- DATA -
(* Let $G$ be a $K_4$-free graph with $n$ vertices and $e$ edges, let $P$ be a greedy partition of $G$ with size $r=r(P)$, and let $r_2$ be the number of cliques of $P$ of size at least $2$. Then $e\le r(n-r)+r_2(n-r-r_2)$.
   Context: A good partition $P$ of $V(G)$ is a partition of $V(G)$ into disjoint sets $C_1, \dots, C_r$ (the cliques of $P$), each inducing a complete subgraph of $G$, indexed so that $|C_1|\le\dots\le |C_r|$; its size is $r(P)=r$. It is a greedy partition if for every $i\ge1$ the set $C_1\cup\dots\cup C_i$ induces a subgraph with no complete subgraph on $|C_i|+1$ vertices. For $K_4$-free $G$, every clique of $P$ has size $1$, $2$ or $3$. *)

From HB Require Import structures.
From mathcomp Require Import all_boot all_order all_algebra.
Set Implicit Arguments. Unset Strict Implicit. Unset Printing Implicit Defensive.

Definition simple_graph (T : finType) (adj : rel T) : Prop :=
  (forall x y, adj x y = adj y x) /\ (forall x, ~~ adj x x).

Definition is_clique (T : finType) (adj : rel T) (A : {set T}) : bool :=
  [forall x in A, forall y in A, (x != y) ==> adj x y].

Definition K4_free (T : finType) (adj : rel T) : Prop :=
  forall A : {set T}, #|A| = 4 -> ~~ is_clique adj A.

Definition num_edges (T : finType) (adj : rel T) : nat :=
  #|[set A : {set T} | (#|A| == 2) && is_clique adj A]|.

(* Union of the first i cliques C_1 ∪ ... ∪ C_i of a sequence (0-indexed list). *)
Definition prefix_union (T : finType) (P : seq {set T}) (i : nat) : {set T} :=
  \bigcup_(j < i) nth set0 P j.

Definition good_partition (T : finType) (adj : rel T) (P : seq {set T}) : Prop :=
  [/\ forall C, C \in P -> C != set0,
      forall C, C \in P -> is_clique adj C,
      forall i j, i < j -> j < size P -> [disjoint nth set0 P i & nth set0 P j],
      prefix_union P (size P) = [set: T]
    & sorted leq [seq #|C| | C : {set T} <- P]].

Definition greedy_partition (T : finType) (adj : rel T) (P : seq {set T}) : Prop :=
  good_partition adj P /\
  forall i, i < size P ->
    forall A : {set T}, A \subset prefix_union P i.+1 ->
      #|A| = #|nth set0 P i|.+1 -> ~~ is_clique adj A.

(* Induction on the number k of cliques already added, with the invariant
   e(C_1 ∪ ... ∪ C_k) <= k (n_k - k) + q_k (n_k - k - q_k), where n_k counts the
   covered vertices and q_k the non-singleton cliques among C_1, ..., C_k.
   Greediness means that no vertex x of C_1 ∪ ... ∪ C_k is adjacent to all of
   C_{k+1} (else x together with C_{k+1} is a clique on |C_{k+1}| + 1 vertices),
   so adding C_{k+1}, which has c <= 3 vertices, creates at most C(c,2) edges
   inside it and at most n_k (c - 1) edges towards the previous cliques; this
   the invariant allows this increase for each of c = 1, 2, 3. *)
From HB Require Import structures.
From mathcomp Require Import all_boot all_order all_algebra.
From mathcomp Require Import zify.
Set Implicit Arguments. Unset Strict Implicit. Unset Printing Implicit Defensive.

Lemma leq_card_bigcup (T I : finType) (A : pred I) (F : I -> {set T}) :
  (#|\bigcup_(i in A) F i| <= \sum_(i in A) #|F i|)%N.
Proof.
elim/big_rec2: _ => [|i n U _ le]; first by rewrite cards0.
by rewrite (leq_trans (leq_card_setU _ _).1) // leq_add2l.
Qed.

Section Cliques.

Variables (T : finType) (adj : rel T).

Lemma cliqueP (A : {set T}) x y :
  is_clique adj A -> x \in A -> y \in A -> x != y -> adj x y.
Proof.
move=> /forall_inP cl xA yA nxy.
by move: (cl x xA) => /forall_inP /(_ y yA) /implyP; apply.
Qed.

Lemma clique_subset (A B : {set T}) :
  A \subset B -> is_clique adj B -> is_clique adj A.
Proof.
move=> /subsetP sAB clB; apply/forall_inP => x xA; apply/forall_inP => y yA.
by apply/implyP; apply: cliqueP clB (sAB x xA) (sAB y yA).
Qed.

Lemma clique_setU1 (A : {set T}) x :
  (forall x y, adj x y = adj y x) -> is_clique adj A ->
  (forall y, y \in A -> adj x y) -> is_clique adj (x |: A).
Proof.
move=> sym clA adjx; apply/forall_inP => u uA; apply/forall_inP => v vA.
apply/implyP => nuv; move: uA vA nuv; rewrite !inE.
case/orP=> [/eqP->|uA] /orP[/eqP->|vA] nuv.
- by rewrite eqxx in nuv.
- exact: adjx.
- by rewrite sym; apply: adjx.
- exact: cliqueP clA uA vA nuv.
Qed.

Lemma K4_free_clique_card (A : {set T}) :
  K4_free adj -> is_clique adj A -> (#|A| <= 3)%N.
Proof.
move=> k4 clA; rewrite leqNgt; apply/negP => A_gt3.
have : (0 < #|[set B : {set T} | B \subset A & #|B| == 4]|)%N.
  by rewrite cards_draws bin_gt0.
rewrite card_gt0 => /set0Pn[B]; rewrite inE => /andP[sBA /eqP B4].
by move: (k4 B B4); rewrite (clique_subset sBA clA).
Qed.

End Cliques.

Definition num_edges_in (T : finType) (adj : rel T) (U : {set T}) : nat :=
  #|[set A : {set T} | (A \subset U) && (#|A| == 2) && is_clique adj A]|.

Lemma num_edges_in0 (T : finType) (adj : rel T) : num_edges_in adj set0 = 0%N.
Proof.
apply/eqP; rewrite cards_eq0; apply/eqP/setP => A.
by rewrite !inE subset0; case: eqP => // ->; rewrite cards0.
Qed.

Lemma num_edges_inT (T : finType) (adj : rel T) :
  num_edges_in adj [set: T] = num_edges adj.
Proof. by apply: eq_card => A; rewrite !inE subsetT. Qed.

Section AddClique.

Variables (T : finType) (adj : rel T).
Hypothesis adj_sym : forall x y, adj x y = adj y x.
Variables U C : {set T}.

Definition cross_edges : {set {set T}} :=
  \bigcup_(x in U) [set [set x; y] | y in [set y in C | adj x y]].

Lemma edges_setU_subset :
  [set A : {set T} | (A \subset U :|: C) && (#|A| == 2) && is_clique adj A]
  \subset [set A : {set T} | (A \subset U) && (#|A| == 2) && is_clique adj A]
          :|: [set A : {set T} | A \subset C & #|A| == 2] :|: cross_edges.
Proof.
apply/subsetP => A; rewrite inE => /andP[/andP[sA A2] clA].
have [sAU|nAU] := boolP (A \subset U); first by rewrite !inE sAU A2 clA.
have [sAC|nAC] := boolP (A \subset C); first by rewrite !inE sAC A2 orbT.
move/cards2P: A2 => [a [b [nab eA]]].
have sab (Z : {set T}) : a \in Z -> b \in Z -> A \subset Z.
  by move=> aZ bZ; rewrite eA; apply/subsetP => z; rewrite !inE => /orP[]/eqP->.
have aA : a \in A by rewrite eA !inE eqxx.
have bA : b \in A by rewrite eA !inE eqxx orbT.
have ab := cliqueP clA aA bA nab.
apply/setUP; right; apply/bigcupP.
move: (subsetP sA a aA) (subsetP sA b bA); rewrite !inE => /orP[aU|aC] /orP[bU|bC].
- by rewrite sab in nAU.
- by exists a => //; apply/imsetP; exists b; rewrite // inE bC ab.
- exists b => //; apply/imsetP; exists a; first by rewrite inE aC adj_sym.
  by rewrite eA setUC.
- by rewrite sab in nAC.
Qed.

Hypothesis U_non_neighbour : forall x, x \in U -> exists2 y, y \in C & ~~ adj x y.

Lemma card_cross_edges : (#|cross_edges| <= #|U| * #|C|.-1)%N.
Proof.
rewrite (leq_trans (leq_card_bigcup _ _)) // -sum_nat_const leq_sum // => x xU.
rewrite (leq_trans (leq_imset_card _ _)) //.
have [y yC nxy] := U_non_neighbour xU.
have : [set z in C | adj x z] \subset C :\ y.
  apply/subsetP => z; rewrite !inE => /andP[zC xz]; rewrite zC andbT.
  by apply: contraNneq nxy => <-.
by move/subset_leq_card/leq_trans; apply; rewrite (cardsD1 y C) yC.
Qed.

Lemma num_edges_in_setU :
  (num_edges_in adj (U :|: C) <= num_edges_in adj U + 'C(#|C|, 2) + #|U| * #|C|.-1)%N.
Proof.
rewrite /num_edges_in (leq_trans (subset_leq_card edges_setU_subset)) //.
rewrite (leq_trans (leq_card_setU _ _).1) // leq_add //.
  by rewrite (leq_trans (leq_card_setU _ _).1) // cards_draws.
exact: card_cross_edges.
Qed.

End AddClique.

Section GreedyPartition.

Variables (T : finType) (adj : rel T) (P : seq {set T}).

Lemma prefix_unionS k : prefix_union P k.+1 = prefix_union P k :|: nth set0 P k.
Proof. by rewrite /prefix_union big_ord_recr. Qed.

Lemma disjoint_prefix_union k :
  good_partition adj P -> (k < size P)%N ->
  [disjoint prefix_union P k & nth set0 P k].
Proof.
case=> _ _ disjP _ _ kP; rewrite -setI_eq0; apply/eqP/setP => x.
rewrite !inE; apply/negbTE/negP => /andP[/bigcupP[i _ xi] xk].
by rewrite (disjointFr (disjP _ _ (ltn_ord i) kP) xi) in xk.
Qed.

Lemma greedy_non_neighbour k x :
  simple_graph adj -> greedy_partition adj P -> (k < size P)%N ->
  x \in prefix_union P k -> exists2 y, y \in nth set0 P k & ~~ adj x y.
Proof.
move=> [sym _] [gp greedy] kP xU; set C := nth set0 P k.
have [/exists_inP[y yC nxy]|] := boolP [exists y in C, ~~ adj x y].
  by exists y.
rewrite negb_exists_in => /forall_inP adjx.
have xC : x \notin C by rewrite (disjointFr (disjoint_prefix_union gp kP) xU).
have [_ clP _ _ _] := gp.
have := greedy k kP (x |: C); rewrite prefix_unionS cardsU1 xC.
move=> /(_ _ erefl) /negP; case.
  by apply/subsetP => z; rewrite !inE => /orP[/eqP->|->]; rewrite ?xU ?orbT.
apply: clique_setU1 => // [|y yC]; first by apply/clP/mem_nth.
by move: (adjx y yC); rewrite negbK.
Qed.

End GreedyPartition.

Local Open Scope ring_scope.

Definition edge_bound (n r r2 : nat) : int :=
  r%:Z * (n%:Z - r%:Z) + r2%:Z * (n%:Z - r%:Z - r2%:Z).

Lemma edge_bound_step (e e' n k q c : nat) :
  (0 < c <= 3)%N -> (k + q <= n)%N -> e%:Z <= edge_bound n k q ->
  (e' <= e + 'C(c, 2) + n * c.-1)%N ->
  e'%:Z <= edge_bound (n + c) k.+1 (q + (1 < c))
  /\ (k.+1 + (q + (1 < c)) <= n + c)%N.
Proof.
rewrite /edge_bound => /andP[]; case: c => [|[|[|[|c]]]] //= _ _ kq eb ee'.
- by rewrite bin_small //= in ee'; split; lia.
- by rewrite binn /= in ee'; split; lia.
- by rewrite bin2 /= in ee'; split; lia.
Qed.

Definition num_nontrivial (T : finType) (P : seq {set T}) : nat :=
  count (fun C : {set T} => (2 <= #|C|)%N) P.

Lemma greedy_edge_bound (T : finType) (adj : rel T) (P : seq {set T}) k :
  simple_graph adj -> K4_free adj -> greedy_partition adj P -> (k <= size P)%N ->
  (num_edges_in adj (prefix_union P k))%:Z
    <= edge_bound #|prefix_union P k| k (num_nontrivial (take k P))
  /\ (k + num_nontrivial (take k P) <= #|prefix_union P k|)%N.
Proof.
move=> sg k4 [gp greedy]; elim: k => [_|k IH kP].
  by rewrite /prefix_union big_ord0 num_edges_in0 take0 cards0.
have [nonempty clP _ _ _] := gp.
have [IHe IHn] := IH (ltnW kP); set C := nth set0 P k.
have CP : C \in P by apply: mem_nth.
have cardUC : #|prefix_union P k.+1| = (#|prefix_union P k| + #|C|)%N.
  rewrite prefix_unionS cardsU -/C (_ : _ :&: C = set0) ?cards0 ?subn0 //.
  by apply/eqP; rewrite setI_eq0 (disjoint_prefix_union gp kP).
have nontrivS : num_nontrivial (take k.+1 P)
                = (num_nontrivial (take k P) + (1 < #|C|))%N.
  by rewrite /num_nontrivial (take_nth set0 kP) -cats1 count_cat /= addn0.
have cardC : (0 < #|C| <= 3)%N.
  by rewrite card_gt0 nonempty // (K4_free_clique_card k4 (clP _ CP)).
rewrite cardUC nontrivS; apply: edge_bound_step cardC IHn IHe _.
rewrite prefix_unionS; apply: num_edges_in_setU; first exact: sg.1.
by move=> x; apply: greedy_non_neighbour.
Qed.

Theorem claim6 (T : finType) (adj : rel T) (P : seq {set T}) :
  simple_graph adj -> K4_free adj -> greedy_partition adj P ->
  let n : int := #|T|%:Z in
  let r : int := (size P)%:Z in
  let r2 : int := (count (fun C : {set T} => (2 <= #|C|)%N) P)%:Z in
  ((num_edges adj)%:Z <= r * (n - r) + r2 * (n - r - r2))%R.
Proof.
move=> sg k4 gp /=.
have [[_ _ _ coverP _] _] := gp.
have [bound _] := greedy_edge_bound sg k4 gp (leqnn (size P)).
by move: bound; rewrite coverP take_size cardsT num_edges_inT.
Qed.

- WHAT IS NEEDED -
All that belongs in the answer is the run of lines above from the line containing "by apply: contraNneq nxy => <-." through the line containing "Lemma prefix_unionS k", exactly as written.

- EXERCISE RESPONSE -
  by apply: contraNneq nxy => <-.
by move/subset_leq_card/leq_trans; apply; rewrite (cardsD1 y C) yC.
Qed.

Lemma num_edges_in_setU :
  (num_edges_in adj (U :|: C) <= num_edges_in adj U + 'C(#|C|, 2) + #|U| * #|C|.-1)%N.
Proof.
rewrite /num_edges_in (leq_trans (subset_leq_card edges_setU_subset)) //.
rewrite (leq_trans (leq_card_setU _ _).1) // leq_add //.
  by rewrite (leq_trans (leq_card_setU _ _).1) // cards_draws.
exact: card_cross_edges.
Qed.

End AddClique.

Section GreedyPartition.

Variables (T : finType) (adj : rel T) (P : seq {set T}).

Lemma prefix_unionS k : prefix_union P k.+1 = prefix_union P k :|: nth set0 P k.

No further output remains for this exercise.